Definition mu_bar (th : Theta) (u : R) : R :=
  let x := FXinv th u in
  mu th x * fX th x + / 2 * sig2 th x * Derive (fX th) x.
Definition sig_bar (th : Theta) (u : R) : R :=
  let x := FXinv th u in sig th x * fX th x.

Definition admissible_V (V : R -> R) : Prop :=
  (forall x y, in_dom xl xr x -> in_dom xl xr y -> x < y -> V x < V y) /\
  C2_on (in_dom xl xr) V /\
  (forall x, in_dom xl xr x -> 0 < Derive V x).

Definition Ydom (V : R -> R) (y : R) : Prop := exists x, in_dom xl xr x /\ V x = y.
Definition Uinv (V : R -> R) : R -> R := inv_on V (in_dom xl xr).

Definition mu_Y (th : Theta) (V : R -> R) (y : R) : R :=
  let U := Uinv V in
  mu th (U y) / Derive U y
  - / 2 * sig2 th (U y) * Derive_n U 2 y / (Derive U y) ^ 3.
Definition sig_Y (th : Theta) (V : R -> R) (y : R) : R :=
  let U := Uinv V in sig th (U y) / Derive U y.

Definition obs_equiv (th : Theta) (V : R -> R) (th' : Theta) (V' : R -> R) : Prop :=
  (forall y, Ydom V y <-> Ydom V' y) /\
  (forall y, Ydom V y -> mu_Y th V y = mu_Y th' V' y /\ sig_Y th V y = sig_Y th' V' y).

Definition struct_eq (th : Theta) (V : R -> R) (th' : Theta) (V' : R -> R) : Prop :=
  th = th' /\ forall x, in_dom xl xr x -> V x = V' x.

Definition identified (th : Theta) (V : R -> R) : Prop :=
  forall th' V', admissible_V V' -> obs_equiv th V th' V' -> struct_eq th V th' V'.

End Model.

From Pilot Require Import Defs.
From Stdlib Require Import Reals Lra Psatz ClassicalEpsilon.
From Coquelicot Require Import Coquelicot.
Open Scope R_scope.
Lemma filter_length_nth (f : Z -> bool) (s : list Z) :
  length (filter f s) = length (filter (fun i => f (nth i s 0)) (seq 0 (length s))).
Proof.
  induction s as [| a s IH]; simpl; auto.
  rewrite <- seq_shift, filter_map_swap.
  destruct (f a); simpl; rewrite length_map, IH; reflexivity.
Qed.

Lemma filter_interval_length (q r n : nat) : (q <= r + 1)%nat ->
  length (filter (fun i => (q <=? i) && (i <=? r))%nat (seq 0 n)) = (Nat.min n (r + 1) - q)%nat.
Proof.
  intros Hqr. induction n.
  - simpl. lia.
  - rewrite seq_S, filter_app, length_app, IHn. cbn [filter Nat.add].
    destruct (Nat.leb_spec q n), (Nat.leb_spec n r); cbn [andb length]; lia.
Qed.

Lemma filter_block_length (f : Z -> bool) (s : list Z) (q r : nat) :
  (q <= r + 1)%nat -> (r < length s)%nat ->
  (forall i, (i < length s)%nat -> f (nth i s 0) = true <-> (q <= i <= r)%nat) ->
  length (filter f s) = (r + 1 - q)%nat.
Proof.
  intros Hqr Hr Hf. rewrite filter_length_nth.
  rewrite (filter_ext_in _ (fun i => (q <=? i) && (i <=? r))%nat).
  - rewrite filter_interval_length; lia.
  - intros i Hi. apply in_seq in Hi.
    apply eq_true_iff_eq. rewrite andb_true_iff, !Nat.leb_le, Hf; [tauto | lia].
Qed.

Lemma least_index (f : nat -> bool) (n : nat) : (exists l, (l < n)%nat /\ f l = true) ->
  exists q, (q < n)%nat /\ f q = true /\ forall l, (l < q)%nat -> f l = false.
Proof.
  intros Hex.
  destruct (dec_inh_nat_subset_has_unique_least_element (fun l => (l < n)%nat /\ f l = true))
    as [q [[[Hq Hfq] Hmin] _]].
  - intros l. destruct (Nat.lt_ge_cases l n), (f l); intuition (try lia; discriminate).
  - exact Hex.
  - exists q. repeat split; auto. intros l Hl. destruct (f l) eqn:E; auto.
    specialize (Hmin l ltac:(split; [lia | exact E])). lia.
Qed.

Lemma greatest_index (f : nat -> bool) (n : nat) : (exists l, (l < n)%nat /\ f l = true) ->
  exists r, (r < n)%nat /\ f r = true /\ forall l, (r < l < n)%nat -> f l = false.
Proof.
  intros [l [Hl Hfl]].
  destruct (least_index (fun d => f (n - 1 - d)%nat) n) as [d [Hd [Hfd Hmin]]].
  - exists (n - 1 - l)%nat. split; [lia |]. now replace (n - 1 - (n - 1 - l))%nat with l by lia.
  - exists (n - 1 - d)%nat. repeat split; [lia | exact Hfd |].
    intros l' Hl'. specialize (Hmin (n - 1 - l')%nat ltac:(lia)).
    now replace (n - 1 - (n - 1 - l'))%nat with l' in Hmin by lia.
Qed.

Section SortedClusters.

Variables (M tau c1 c2 : Z) (s : list Z).
Hypotheses (Htau0 : 0 <= tau) (HtauM : 8 * tau < M)
  (Hsep : forall j, M <= 4 * Z.abs (c1 - c2 - j * M))
  (Hsorted : Sorted Z.le s)
  (Hrange : forall v, In v s -> 0 <= v < M)
  (Hcover : forall v, In v s -> near M tau c1 v \/ near M tau c2 v).

Local Notation color := (nearb M tau c1).
Local Notation t i := (nth i s 0).

Lemma color_near (v : Z) : In v s -> near M tau (if color v then c1 else c2) v.
Proof.
  intros Hv. destruct (color v) eqn:E; [now apply (nearbP M tau Htau0 HtauM) |].
  destruct (Hcover v Hv) as [H | H]; [| exact H].
  apply (nearbP M tau Htau0 HtauM) in H; congruence.
Qed.

Lemma near_color (v : Z) (b : bool) : near M tau (if b then c1 else c2) v -> color v = b.
Proof.
  destruct b; intros H; [now apply (nearbP M tau Htau0 HtauM) |].
  destruct (color v) eqn:E; [| reflexivity].
  apply (nearbP M tau Htau0 HtauM) in E. destruct (near_disjoint M tau Htau0 HtauM c1 c2 v Hsep E H).
Qed.
(* Let $u, v \in U_n$ be symmetries (unitaries with $\mathrm{spec}(u),\mathrm{spec}(v) \subseteq \{1, -1\}$) such that $d_\infty(u, v) < \pi$. Then the geodesic $\gamma_{u,v}$ consists of symmetries, i.e. $\mathrm{spec}(\gamma_{u,v}(t))\subseteq\{1,-1\}$ for all $t\in[0,1]$.
   Context: $U_n$ is the unitary group, $\mathfrak{u}_n$ the skew-Hermitian matrices, $\|\cdot\|_\infty$ the operator norm. $d_\infty(u,v)$ is the infimum of $\int\|\dot\alpha(t)\|_\infty\,dt$ over piecewise smooth curves $\alpha$ in $U_n$ joining $u$ and $v$. For $d_\infty(u,v)<\pi$, $\gamma_{u,v}(t)=u\exp(t\log(u^{-1}v))$, $t\in[0,1]$, where $\log(w)$ is the unique $y\in\mathfrak{u}_n$ with $\|y\|_\infty<\pi$ and $e^y=w$; it is the unique minimal geodesic joining $u$ and $v$. *)

From HB Require Import structures.
From mathcomp Require Import all_boot all_order all_algebra.
From mathcomp Require Import all_classical all_reals all_analysis.
From mathcomp Require Import complex.
Set Implicit Arguments. Unset Strict Implicit. Unset Printing Implicit Defensive.
Import Order.TTheory GRing.Theory Num.Theory.
Import numFieldNormedType.Exports.
Local Open Scope classical_set_scope.
Local Open Scope ring_scope.

Section UnitaryDefs.
Variables (R : realType) (n : nat).
Local Notation C := (R[i]).
Local Notation M := ('M[C]_n).

Definition adj (w : M) : M := \matrix_(i, j) complex.conjc (w j i).

Definition unitary (w : M) : Prop := adj w *m w = 1%:M.

Definition skew_hermitian (y : M) : Prop := adj y = - y.

Definition vnorm (x : 'cV[C]_n) : R :=
  Num.sqrt (\sum_i ((complex.Re (x i 0)) ^+ 2 + (complex.Im (x i 0)) ^+ 2)).

Definition opnorm (A : M) : R :=
  sup [set vnorm (A *m x) | x in [set x : 'cV[C]_n | vnorm x = 1]].

Definition spec_pm1 (w : M) : Prop :=
  forall a : C, eigenvalue w a -> a = 1 \/ a = -1.

Definition symmetry (w : M) : Prop := unitary w /\ spec_pm1 w.

Definition expm_psum (y : M) (N : nat) : M :=
  \sum_(k < N) ((k`!)%:R)^-1 *: y ^+ k.
Definition expm (y : M) : M :=
  \matrix_(i, j) Complex (limn (fun N => complex.Re (expm_psum y N i j)))
                         (limn (fun N => complex.Im (expm_psum y N i j))).

Definition mlog (w : M) : M :=
  xget 0 [set y | skew_hermitian y /\ opnorm y < pi /\ expm y = w].

Definition geodesic (u v : M) (t : R) : M :=
  u *m expm (Complex t 0 *: mlog (invmx u *m v)).

Definition smooth_fun (f : R -> R) : Prop :=
  forall (k : nat) (t : R), derivable (derive1n k f) t 1.

Definition smooth_curve (b : R -> M) : Prop :=
  forall i j, smooth_fun (fun t => complex.Re (b t i j)) /\
              smooth_fun (fun t => complex.Im (b t i j)).

Definition mderiv (b : R -> M) (t : R) : M :=
  \matrix_(i, j) Complex (derive1 (fun s => complex.Re (b s i j)) t)
                         (derive1 (fun s => complex.Im (b s i j)) t).

(* Piecewise smooth:
   there is a partition 0 = p_0 < ... < p_k = 1 such that on each [p_i, p_{i+1}]
   alpha agrees with a smooth curve b_i. *)
Definition ps_curve_length (u v : M) (L : \bar R) : Prop :=
  exists (alpha : R -> M) (k : nat) (p : nat -> R) (b : nat -> R -> M),
    [/\ alpha 0 = u /\ alpha 1 = v,
        (forall t, 0 <= t <= 1 -> unitary (alpha t)),
        (0 < k)%N /\ p 0%N = 0 /\ p k = 1 /\
        (forall i, (i < k)%N -> p i < p i.+1),
        (forall i, (i < k)%N -> smooth_curve (b i) /\
            forall t, p i <= t <= p i.+1 -> alpha t = b i t) &
        L = (\sum_(i < k)
              \int[lebesgue_measure]_(t in `[p i, p i.+1])
                 (opnorm (mderiv (b i) t))%:E)%E].

Definition d_inf (u v : M) : \bar R := ereal_inf [set L | ps_curve_length u v L].

End UnitaryDefs.

From HB Require Import structures.
From mathcomp Require Import all_boot all_order all_algebra.
From mathcomp Require Import all_classical all_reals all_analysis.
From mathcomp Require Import complex.
From mathcomp Require Import ring lra.
Import Order.TTheory GRing.Theory Num.Theory.
Import numFieldNormedType.Exports.
Local Open Scope classical_set_scope.
Local Open Scope ring_scope.
Set Implicit Arguments. Unset Strict Implicit. Unset Printing Implicit Defensive.

(* Symmetries are the unitaries whose square is 1, so u^-1 = u.  Diagonalize
   y = log(u v) as P^-1 diag(i th) P with P unitary; ||y|| < pi gives
   |th_k| < pi.  In this eigenbasis Q := P u P^-1 satisfies Q^2 = 1, and
   u e^y = v gives (Q L)^2 = 1 for L = diag(e^(i th)), i.e. L Q = Q L^-1, i.e.
   e^(i th_j) Q_jk = Q_jk e^(-i th_k).  As t |-> e^(i t) is injective on
   ]-pi, pi[, every nonzero Q_jk forces th_j = - th_k, so the same relation
   holds for t th; hence (u e^(t y))^2 = 1. *)

Section ImaginaryExponential.
Variable R : realType.
Local Notation C := R[i].

Lemma complex_eta (z : C) : z = Complex (complex.Re z) (complex.Im z).
Proof. by case: z. Qed.

Lemma Re_mul (x y : C) :
  complex.Re (x * y) = complex.Re x * complex.Re y - complex.Im x * complex.Im y.
Proof. by case: x; case: y. Qed.

Lemma Im_mul (x y : C) :
  complex.Im (x * y) = complex.Re x * complex.Im y + complex.Im x * complex.Re y.
Proof. by case: x; case: y. Qed.

Lemma Re_sum I (r : seq I) (P : pred I) (F : I -> C) :
  complex.Re (\sum_(i <- r | P i) F i) = \sum_(i <- r | P i) complex.Re (F i).
Proof. by apply: (big_morph (@complex.Re R)) => // -[a b] [c d]. Qed.

Lemma Im_sum I (r : seq I) (P : pred I) (F : I -> C) :
  complex.Im (\sum_(i <- r | P i) F i) = \sum_(i <- r | P i) complex.Im (F i).
Proof. by apply: (big_morph (@complex.Im R)) => // -[a b] [c d]. Qed.

Lemma expr_imag (t : R) k : (Complex 0 t : C) ^+ k =
  Complex ((~~ odd k)%:R * (-1) ^+ k./2 * t ^+ k)
          ((odd k)%:R * (-1) ^+ k.-1./2 * t ^+ k).
Proof.
elim: k => [|k IH]; first by rewrite !expr0 /= !mulr1.
rewrite exprSr IH; simpc.
have := odd_double_half k; set m := k./2; clearbody m.
case: (odd k) => <- /=; rewrite ?add1n ?add0n /= ?odd_double /= ?uphalf_double ?doubleK;
  by congr Complex; rewrite !exprS; ring.
Qed.
Section Model.
Variables (R : realType) (lt lr n : nat) (S : 'M[R[i]]_(n, lt)).
Variables (mu_h : 'cV[R[i]]_(lr * lt)) (Sig_h : 'M[R[i]]_(lr * lt)).
Hypothesis Sig_pd : herm_posdef Sig_h.
Variables (mu_f s2_f : R).
Hypothesis s2_gt0 : 0 < s2_f.

Local Notation X f := (Xgr lr S f).
Local Notation Sg := (Sgr lr S).
Local Notation Bmx := (ctr Sg *m Sg + invmx Sig_h).
Local Notation A := (Amx S Sig_h).
Local Notation Cy f := (X f *m Sig_h *m ctr (X f) + 1%:M).
Local Notation Cy0 := (Sg *m Sig_h *m ctr Sg + 1%:M).

Lemma Fmx_unitary (f : R) : ctr (Fmx n f) *m Fmx n f = 1%:M.
Proof.
apply/matrixP => i j; rewrite !mxE (bigD1 j) //= big1 => [|k /negbTE kj]; last first.
  by rewrite !mxE kj mulr0n mulr0.
rewrite !mxE eqxx mulr1n addr0 rmorphMn; have [<-|ij] := eqVneq i j.
  by rewrite !mulr1n /ejay; apply/eqP; rewrite eq_complex /= mulNr opprK -!expr2
    cos2Dsin2 mulNr [sin _ * _]mulrC subrr !eqxx.
by rewrite !mulr0n mul0r.
Qed.

Definition Dmx (f : R) : 'M[R[i]]_(lr * n) := 1%:M *t Fmx n f.

Lemma Dmx_unitary f : ctr (Dmx f) *m Dmx f = 1%:M.
Proof. by rewrite ctr_tensmx tensmx_mul ctr1 mul1mx Fmx_unitary tensmx11. Qed.

Lemma Xgr_Dmx f : X f = Dmx f *m Sg.
Proof. by rewrite /Xgr /Sgr /Dmx /Xmx tensmx_mul mul1mx. Qed.

Lemma Xgr_gram f : ctr (X f) *m X f = ctr Sg *m Sg.
Proof. by rewrite Xgr_Dmx ctrM mulmxA -(mulmxA _ _ (Dmx f)) Dmx_unitary mulmx1. Qed.

Lemma det_Cy f : \det (Cy f) = \det Cy0.
Proof.
rewrite -(det_unitary_conj Cy0 (Dmx_unitary f)) Xgr_Dmx ctrM.
by rewrite mulmxDr mulmxDl mulmx1 (mulmx1C (Dmx_unitary f)) !mulmxA.
Qed.

Lemma Cy0_pd : herm_posdef Cy0.
Proof. exact: herm_posdef_congr_add1. Qed.

Definition posterior_exponent (y : 'cV[R[i]]_(lr * n)) (h : 'cV[R[i]]_(lr * lt)) (f : R)
  : R :=
  reC ((ctr (h - h_mmse S mu_h Sig_h y f) *m Bmx *m (h - h_mmse S mu_h Sig_h y f)) 0 0).

Lemma joint_exponent_split y h f :
  reC ((ctr (y - X f *m h) *m invmx 1%:M *m (y - X f *m h)) 0 0)
  + reC ((ctr (h - mu_h) *m invmx Sig_h *m (h - mu_h)) 0 0)
  = posterior_exponent y h f
  + reC ((ctr (y - X f *m mu_h) *m invmx (Cy f) *m (y - X f *m mu_h)) 0 0).
Proof.
rewrite invmx1 mulmx1 /posterior_exponent /h_mmse /Amx -(Xgr_gram f).
exact: gaussian_exponent_split.
Qed.

Definition marginal_offset (y : 'cV[R[i]]_(lr * n)) : R :=
  - reC ((ctr y *m y) 0 0) - reC ((ctr mu_h *m (ctr Sg *m Sg) *m mu_h) 0 0)
  + reC ((ctr (ctr Sg *m Sg *m mu_h) *m A *m (ctr Sg *m Sg *m mu_h)) 0 0).

Lemma marginal_exponent y f :
  - reC ((ctr (y - X f *m mu_h) *m invmx (Cy f) *m (y - X f *m mu_h)) 0 0)
  = 2 * reC ((ctr (bvec S mu_h Sig_h) *m (ctr (X f) *m y)) 0 0)
    + reC ((ctr (ctr (X f) *m y) *m A *m (ctr (X f) *m y)) 0 0)
    + marginal_offset y.
Proof.
have -> : bvec S mu_h Sig_h = (1%:M - A *m (ctr Sg *m Sg)) *m mu_h.
  by rewrite /bvec mulmxA.
rewrite /marginal_offset /Amx -(Xgr_gram f) (reC_marginal_exponent (X f) Sig_pd).
by rewrite !addrA.
Qed.

Lemma posterior_exponent_ge0 y h f : 0 <= posterior_exponent y h f.
Proof. exact/herm_posdef_form_ge0/posterior_precision_pd. Qed.

Lemma posterior_exponent_eq0 y h f :
  posterior_exponent y h f = 0 <-> h = h_mmse S mu_h Sig_h y f.
Proof.
have B_pd := posterior_precision_pd Sg Sig_pd.
split=> [/(herm_posdef_form_eq0 _ B_pd)/eqP|->]; first by rewrite subr_eq0 => /eqP.
by rewrite /posterior_exponent subrr mulmx0 mxE.
Qed.
(* Far apart points are handled by the bound [B], near ones by the derivative on a
   period and a half. *)
Lemma C1_lipschitz_t B : 0 <= B -> (forall g, Cmod (f g) <= B) ->
  exists Mt, 0 <= Mt /\ forall x y, lipschitz (fun t => f (x, y, t)) Mt.
Proof.
  intros B0 HB. pose proof PI_RGT_0 as HPI.
  destruct (bounded_on_box ft (-/2) (/2) (-/2) (/2) (-(2*PI)) (4*PI) ft_cont) as [Mt [Mt0 HMt]].
  assert (HB' : 0 <= 2 * B / (2 * PI)) by (apply Rdiv_le_0_compat; lra).
  exists (Mt + 2 * B / (2 * PI)). split; [lra|]. intros x y t t'. cbv beta.
  destruct (Rle_dec (2 * PI) (Rabs (t' - t))) as [Hb|Hb].
  - eapply Rle_trans. apply Cmod_triangle. rewrite Cmod_opp.
    pose proof (HB (x, y, t)); pose proof (HB (x, y, t')).
    assert (2 * B <= 2 * B / (2 * PI) * Rabs (t' - t)).
    { replace (2 * B / (2 * PI) * Rabs (t' - t)) with (2 * B * (Rabs (t' - t) / (2 * PI)))
        by (field; lra).
      rewrite <- (Rmult_1_r (2 * B)) at 1. apply Rmult_le_compat_l; [lra|].
      apply (Rmult_le_reg_r (2 * PI)); [lra|]. unfold Rdiv.
      rewrite Rmult_assoc, Rinv_l by lra. lra. }
    assert (0 <= Mt * Rabs (t' - t)) by (apply Rmult_le_pos; auto using Rabs_pos).
    nra.
  - set (d := t' - t) in *. replace t' with (t + d) by (unfold d; ring). clearbody d.
    destruct (reduce_mod_2PI t) as [z [t0 [Ht0 ->]]].
    replace (t0 + 2 * PI * IZR z + d) with (t0 + d + 2 * PI * IZR z) by ring.
    rewrite !f_periodic_Z, (f_clamp_x x y t0), (f_clamp_x x y (t0 + d)),
      (f_clamp_y (clamp x) y t0), (f_clamp_y (clamp x) y (t0 + d)).
    eapply Rle_trans.
    + apply (mean_value_bound (fun s => f (clamp x, clamp y, s)) (fun s => ft (clamp x, clamp y, s)) _ _ Mt).
      * intros; apply f_dt.
      * intros s. apply continuous_slice with (e := fun s => (clamp x, clamp y, s)); [|apply ft_cont].
        intros eps s' H. repeat split; auto; apply ball_center.
      * intros s Hs. pose proof (clamp_range x); pose proof (clamp_range y).
        apply HMt; try lra.
        unfold Rabs in Hb; destruct Rcase_abs in Hb;
          unfold Rmin, Rmax in Hs; repeat destruct Rle_dec in Hs; lra.
    + replace (t0 + d - t0) with d by ring.
      apply Rmult_le_compat_r; [apply Rabs_pos | lra].
Qed.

= = = =

**WHAT TO PRODUCE**
Look through the entries for lines containing the word "ltac" and return each one.

**RESULT**
    specialize (Hmin l ltac:(split; [lia | exact E])). lia.
    intros l' Hl'. specialize (Hmin (n - 1 - l')%nat ltac:(lia)).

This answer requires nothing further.